Start of Material provided

(* Let $\mathcal X$ be a separable metric space with at least two points, $\Omega=\mathcal X^{\mathbb N}$ with the product topology, and $\Sigma$ a $\sigma$-algebra on $\Omega$ containing all open sets. For every finitely additive probability $P$ on $(\Omega,\Sigma)$ there exists a strongly nonatomic finitely additive probability $\widetilde P$ on $(\Omega,\Sigma)$ such that $P(U)\le\widetilde P(U)$ for every open set $U\subseteq\Omega$.
   Context: A finitely additive probability $P$ on $(\Omega,\Sigma)$ is strongly nonatomic if for every $E\in\Sigma$ and $\alpha\in[0,1]$ there is $F\in\Sigma$ with $F\subseteq E$ and $P(F)=\alpha P(E)$. *)

From Stdlib Require Import Reals List.
Open Scope R_scope.

Definition is_metric {X : Type} (d : X -> X -> R) : Prop :=
  (forall x y, 0 <= d x y) /\
  (forall x y, d x y = 0 <-> x = y) /\
  (forall x y, d x y = d y x) /\
  (forall x y z, d x z <= d x y + d y z).

(* Separable: has a countable dense subset (X is nonempty in our use). *)
Definition separable {X : Type} (d : X -> X -> R) : Prop :=
  exists s : nat -> X, forall x eps, 0 < eps -> exists n, d x (s n) < eps.

Definition metric_open {X : Type} (d : X -> X -> R) (V : X -> Prop) : Prop :=
  forall x, V x -> exists eps, 0 < eps /\ forall y, d x y < eps -> V y.

(* Open sets of Omega = X^N with the product topology: every point of U has a
   basic open neighbourhood  prod_{i in F} V_i x prod_{i notin F} X  inside U,
   with F finite and each V_i open in X. *)
Definition product_open {X : Type} (d : X -> X -> R) (U : (nat -> X) -> Prop)
  : Prop :=
  forall w, U w ->
    exists (F : list nat) (V : nat -> X -> Prop),
      (forall i, metric_open d (V i)) /\
      (forall i, In i F -> V i (w i)) /\
      (forall w', (forall i, In i F -> V i (w' i)) -> U w').

Definition sigma_algebra {Om : Type} (S : (Om -> Prop) -> Prop) : Prop :=
  S (fun _ => True) /\
  (forall A, S A -> S (fun w => ~ A w)) /\
  (forall A : nat -> Om -> Prop, (forall n, S (A n)) ->
     S (fun w => exists n, A n w)).

Definition fa_probability {Om : Type} (S : (Om -> Prop) -> Prop)
  (P : (Om -> Prop) -> R) : Prop :=
  (forall A, S A -> 0 <= P A) /\
  P (fun _ => True) = 1 /\
  (forall A B, S A -> S B -> (forall w, A w -> B w -> False) ->
     P (fun w => A w \/ B w) = P A + P B).

Definition strongly_nonatomic {Om : Type} (S : (Om -> Prop) -> Prop)
  (P : (Om -> Prop) -> R) : Prop :=
  forall E alpha, S E -> 0 <= alpha <= 1 ->
    exists F, S F /\ (forall w, F w -> E w) /\ P F = alpha * P E.

From Stdlib Require Import Reals List Lia Lra.
From Stdlib Require Import Classical FunctionalExtensionality PropExtensionality ClassicalEpsilon.
From mathcomp Require all_boot classical_sets boolp filter.
Open Scope R_scope.

(* Fix [a <> b] and code [m] by the pattern "[b] at position [2m], [a] afterwards". Every
   [x] is the limit of its probes [probe x m] (the first [m] coordinates of [x] followed by
   the code of [m]), and probes with distinct [m] lie in disjoint closed sets. Given a finite
   measurable partition of Omega with a point chosen in each cell, spread the [P]-mass of each
   cell uniformly over the first [n+1] probes of its point; the new probability is an
   ultrafilter limit of these discrete probabilities, along partitions that decide any given
   measurable set and along [n -> oo]. A closed set [K] gets at most [P K] in the limit, since
   the probes of a point outside [K] eventually leave [K]; this is the domination on open sets.
   Grouping the codes by [m mod k] gives chains of measurable sets with steps of mass at most
   [1/k], along which any set can be split in any proportion. *)

Record ultrafilter {I : Type} (U : (I -> Prop) -> Prop) : Prop := {
  uf_and : forall A B, U A -> U B -> U (fun i => A i /\ B i);
  uf_mono : forall A B : I -> Prop, (forall i, A i -> B i) -> U A -> U B;
  uf_proper : ~ U (fun _ => False);
  uf_total : forall A, U A \/ U (fun i => ~ A i) }.

Module UltrafilterLemma.
Import all_boot classical_sets boolp filter.

Lemma ultrafilter_of_base (I : Type) (B : (I -> Prop) -> Prop) :
  (exists A, B A) ->
  (forall A1 A2, B A1 -> B A2 -> exists A3, B A3 /\ forall i, A3 i -> A1 i /\ A2 i) ->
  (forall A, B A -> exists i, A i) ->
  exists U, ultrafilter U /\ forall A, B A -> U A.
Proof.
move=> [A0 BA0] Bdirected Bne.
have Ffrom : Filter (filter_from B id).
  apply: filter_from_filter; first by exists A0.
  move=> A1 A2 BA1 BA2; have [A3 [BA3 sub3]] := Bdirected _ _ BA1 BA2.
  by exists A3 => // x /sub3 [].
have Fproper : ProperFilter (filter_from B id).
  by apply: filter_from_proper => A BA; have [x Ax] := Bne _ BA; exists x.
have [G [UG sub]] := ultraFilterLemma Fproper.
exists G; split; last by move=> A BA; apply: sub; exists A.
split.
- by move=> A1 A2; apply: filterI.
- by move=> A1 A2 sub12; apply: filterS => x; apply: sub12.
- by move=> G0; apply: (filter_not_empty G); apply: filterS G0.
- by move=> A; apply: (in_ultra_setVsetC A UG).
Qed.

End UltrafilterLemma.

Lemma set_ext {T : Type} (A B : T -> Prop) : (forall w, A w <-> B w) -> A = B.
Proof.
  intro H; apply functional_extensionality; intro w; apply propositional_extensionality; auto.
Qed.

Section SigmaAlgebra.
Context {T : Type} (Sigma : (T -> Prop) -> Prop) (hS : sigma_algebra Sigma).

Lemma measurable_full : Sigma (fun _ => True).
Proof. apply hS. Qed.

Lemma measurable_compl A : Sigma A -> Sigma (fun w => ~ A w).
Proof. apply hS. Qed.

Lemma measurable_empty : Sigma (fun _ => False).
Proof.
  rewrite (set_ext (fun _ => False) (fun w => ~ (fun _ => True) w)) by tauto.
  apply measurable_compl, measurable_full.
Qed.

Lemma measurable_union A B : Sigma A -> Sigma B -> Sigma (fun w => A w \/ B w).
Proof.
  intros HA HB.
  rewrite (set_ext (fun w => A w \/ B w)
    (fun w => exists n, match n with 0%nat => A | _ => B end w)).
  - apply hS; intros [|n]; auto.
  - intro w; split.
    + intros [HAw|HBw]; [exists 0%nat | exists 1%nat]; auto.
    + intros [[|n] Hw]; auto.
Qed.

Lemma measurable_inter A B : Sigma A -> Sigma B -> Sigma (fun w => A w /\ B w).
Proof.
  intros HA HB.
  rewrite (set_ext (fun w => A w /\ B w) (fun w => ~ (~ A w \/ ~ B w))) by (intro; tauto).
  apply measurable_compl, measurable_union; apply measurable_compl; auto.
Qed.

Lemma measurable_diff A B : Sigma A -> Sigma B -> Sigma (fun w => A w /\ ~ B w).
Proof. intros HA HB; apply measurable_inter, measurable_compl; auto. Qed.

Lemma measurable_const (p : Prop) : Sigma (fun _ => p).
Proof.
  destruct (classic p) as [Hp|Hp].
  - rewrite (set_ext (fun _ => p) (fun _ => True)) by tauto; apply measurable_full.
  - rewrite (set_ext (fun _ => p) (fun _ => False)) by tauto; apply measurable_empty.
Qed.

End SigmaAlgebra.

Section FiniteAdditivity.
Context {T : Type} (Sigma : (T -> Prop) -> Prop) (mu : (T -> Prop) -> R).
Hypotheses (hS : sigma_algebra Sigma) (hmu : fa_probability Sigma mu).

Lemma fa_ge0 A : Sigma A -> 0 <= mu A.
Proof. apply hmu. Qed.

Lemma fa_additive A B : Sigma A -> Sigma B -> (forall w, A w -> B w -> False) ->
  mu (fun w => A w \/ B w) = mu A + mu B.
Proof. apply hmu. Qed.

Lemma fa_split A C : Sigma A -> Sigma C ->
  mu A = mu (fun w => A w /\ C w) + mu (fun w => A w /\ ~ C w).
Proof.
  intros HA HC.
  rewrite <- fa_additive.
  - f_equal; apply set_ext; intro w; tauto.
  - apply measurable_inter; auto.
  - apply measurable_diff; auto.
  - intro w; tauto.
Qed.

Lemma fa_le A B : Sigma A -> Sigma B -> (forall w, A w -> B w) -> mu A <= mu B.
Proof.
  intros HA HB AB.
  rewrite (fa_split B A HB HA), (set_ext (fun w => B w /\ A w) A)
    by (intro w; specialize (AB w); tauto).
  assert (0 <= mu (fun w => B w /\ ~ A w)) by (apply fa_ge0, measurable_diff; auto).
  lra.
Qed.

Lemma fa_le1 A : Sigma A -> mu A <= 1.
Proof.
  intro HA; destruct hmu as [_ [full _]]; rewrite <- full.
  apply fa_le; auto; apply measurable_full; auto.
Qed.

Lemma fa_compl A : Sigma A -> mu A + mu (fun w => ~ A w) = 1.
Proof.
  intro HA; destruct hmu as [_ [full _]]; rewrite <- full.
  rewrite (fa_split (fun _ => True) A) by (auto; apply measurable_full; auto).
  f_equal; f_equal; apply set_ext; tauto.
Qed.

Lemma fa_null Z : (forall w, ~ Z w) -> mu Z = 0.
Proof.
  intro HZ; rewrite (set_ext Z (fun _ => False)) by (intro w; specialize (HZ w); tauto).
  assert (E := fa_additive _ _ (measurable_empty Sigma hS) (measurable_empty Sigma hS)
    (fun _ h _ => h)).
  rewrite (set_ext (fun _ => False \/ False) (fun _ => False)) in E by tauto.
  lra.
Qed.

End FiniteAdditivity.

Lemma nondecreasing_crossing (f : nat -> R) (t : R) k :
  (forall j, f j <= f (S j)) -> f 0%nat <= t -> t <= f k ->
  exists j, f j <= t /\ t <= f (S j).
Proof.
  intros Hf H0; induction k as [|k IH]; intro Hk.
  - exists 0%nat; specialize (Hf 0%nat); lra.
  - destruct (Rle_dec t (f k)) as [Htk|Htk]; auto.
    exists k; lra.
Qed.

Lemma Req_of_dist_le_inv_succ (x y : R) : (forall n, Rabs (x - y) <= / INR (S n)) -> x = y.
Proof.
  intro H; destruct (Req_dec x y) as [|Hxy]; auto; exfalso.
  assert (Hpos : 0 < Rabs (x - y)) by (apply Rabs_pos_lt; lra).
  destruct (archimed_cor1 _ Hpos) as [N [HN HN0]].
  assert (/ INR (S N) <= / INR N)
    by (apply Rinv_le_contravar; [apply lt_0_INR | apply le_INR]; lia).
  specialize (H N); lra.
Qed.

Lemma div_INR_succ_eventually_le (c eps : R) : 0 < eps ->
  exists n0, forall n, (n0 <= n)%nat -> c / INR (S n) <= eps.
Proof.
  intro Heps; destruct (INR_archimed eps c Heps) as [n0 Hn0]; exists n0; intros n Hn.
  assert (INR n0 <= INR (S n)) by (apply le_INR; lia).
  assert (0 < INR (S n)) by (apply lt_0_INR; lia).
  apply (Rmult_le_reg_r (INR (S n))); auto.
  unfold Rdiv; rewrite Rmult_assoc, Rinv_l; nra.
Qed.

Section StrongNonatomicity.
Context {T : Type} (Sigma : (T -> Prop) -> Prop) (mu : (T -> Prop) -> R).
Hypotheses (hS : sigma_algebra Sigma) (hmu : fa_probability Sigma mu).

Definition fine_chain (r : R) (L : nat -> T -> Prop) (k : nat) : Prop :=
  (forall j, Sigma (L j)) /\ (forall j w, L j w -> L (S j) w) /\ (forall w, ~ L 0%nat w) /\
  (forall j, mu (fun w => L (S j) w /\ ~ L j w) <= r) /\ mu (fun w => ~ L k w) = 0.

Definition bracket (E : T -> Prop) (t : R) (p : (T -> Prop) * (T -> Prop)) : Prop :=
  Sigma (fst p) /\ Sigma (snd p) /\ (forall w, fst p w -> snd p w) /\
  (forall w, snd p w -> E w) /\ mu (fst p) <= t <= mu (snd p).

End of Material provided

Exercise description. Lines of the material that contain the word "SigmaAlgebra" are to be gathered.

Result for this task.
Section SigmaAlgebra.
End SigmaAlgebra.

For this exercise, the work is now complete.